Overlapping polygons in Python PIL

Question

Instead of overwriting the overlapping regions of multiple polygons by the value of the last polygon drawn, I would like to draw the mean value of these polygons. Is this possible in Python PIL?

The overlapping pixels in the example should have the value of 1.5.

In the full working program I have to draw about 100000 polygons (that may or may not intersect) on a very large grid which is the reason I use PIL instead of Numpy.

from PIL import Image, ImageDraw
import numpy as np
import matplotlib.pyplot as plt

img = Image.new('F', (50, 50), 0)

ImageDraw.Draw(img).polygon([(20, 20), (20, 40), (40, 30), (30, 20)],
                            fill=1., outline=None)
ImageDraw.Draw(img).polygon([(10, 5), (10, 25), (25, 25), (25, 10)],
                            fill=2., outline=None)

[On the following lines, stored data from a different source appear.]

Theorem lemma2 (lam : R) (p : nat -> R) (lam' : R) (p' : nat -> R)
  (m k : nat) :
  in_nabla lam p -> in_nabla lam' p' ->
  (lam <> lam' \/ exists i, p i <> p' i) ->
  lam <= lam' -> (forall i, p i <= p' i) ->
  is_leading_mode lam' p' m ->
  (m < k)%nat ->
  lam' + p' (k - 1)%nat > 0 ->
  fpmf lam' p' k > fpmf lam p k.
Proof.
  intros Hn Hn' Hdist Hll Hpp [_ Hdrop] Hmk Hpos.
  assert (Hp' := admissible_of_in_nabla _ _ Hn').
  destruct Hn as [Hlam [_ [_ [Hp _]]]], Hn' as [Hlam' [_ [Hdec' _]]].
  assert (Hfpos := fpmf_pos_after_mode lam' p' m k Hp' Hdec' Hlam' Hdrop Hmk Hpos).
  destruct k as [|k]; [lia|]; unfold Rgt.
  destruct (Req_dec lam lam') as [<-|Hne].
  - destruct Hdist as [|[i Hi]]; [contradiction|].
    assert (Hlt : p i < p' i) by (specialize (Hpp i); lra).
    apply Rle_lt_trans with (fpmf lam (upd p' i (p i)) (S k)).
    + apply (fpmf_mono_after_mode lam p' m); auto; [| | lia].
      * apply (upd_forall (fun x w => p x <= w)); auto; lra.
      * apply (upd_forall (fun x w => w <= p' x)); intros; lra.
    + apply (fpmf_upd_lt lam p' m); auto; lia.
  - apply Rle_lt_trans with (fpmf lam p' (S k)).
    + apply (fpmf_mono_after_mode lam' p' m); auto; [intros; lra | lia].
    + apply (fpmf_lt_of_rate_lt lam lam' p' m); auto; [lra | lia].
Qed.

myimg = np.ma.masked_equal(np.array(img), 0.)
plt.imshow(myimg, interpolation="None")
plt.colorbar()
plt.show()

enter image description here

Have you tried [clipping one polygon to the other polygon](http://stackoverflow.com/questions/2272179/a-simple-algorithm-for-polygon-intersection) to produce their intersection, and then drawing that intersection polygon? Or are there so many overlapping polygons in your full data set that `O(2^n)` of the polygons' power set grows unacceptably? — Damian Yerrick, Nov 07 '14 at 18:16
If you can render polygons onto a numpy array (don't know how, [maybe this](http://stackoverflow.com/questions/5587839/drawing-polygons-in-numpy-arrays) is a start?), then you can maintain an array of polygon counts at each pixel and an array of accumulated values. Then the mean value will be accumulated_values / counts, where counts > 0 — YXD, Nov 07 '14 at 18:31
I added the approximate (large) number of possibly intersecting polygons to my question. This is why I would like to avoid Numpy, because the performance of PIL in this respect is much higher. — HyperCube, Nov 07 '14 at 18:48
Could you use a transparency layer in the image? Then the overlaying polygons would naturally "blend" over each other? I'm not sure though, if PIL supports multi-channel images with float32. — hitzg, Nov 07 '14 at 20:15

HYRY · Accepted Answer · 2014-11-09T00:23:15.893

I suggest scikit-image, skimage.draw.polygon() returns coordinates in the polygon. Here is an example. Create some random polygon data first:

import pylab as pl
from random import randint
import numpy as np
from skimage import draw

W, H = 800, 600

def make_poly(x0, y0, r, n):
    a = np.linspace(0, np.pi*2, n, endpoint=False)
    x = x0 + r * np.cos(a)
    y = y0 + r * np.sin(a)
    return y, x

count_buf = np.zeros((H, W))
sum_buf = np.zeros((H, W))

N = 2000

polys = []
for i in range(N):
    x0, y0, r, n = randint(10, W-10), randint(10, H-10), randint(10, 50), randint(3, 10)
    polys.append((make_poly(x0, y0, r, n), randint(1, 10)))

Then draw the polygons:

for (y, x), v in polys:
    rr, cc = draw.polygon(y, x, (H, W))
    count_buf[rr, cc] += 1
    sum_buf[rr, cc] += v

mean_buf = np.zeros_like(sum_buf)
mask = count_buf > 0
mean_buf[mask] = sum_buf[mask] / count_buf[mask]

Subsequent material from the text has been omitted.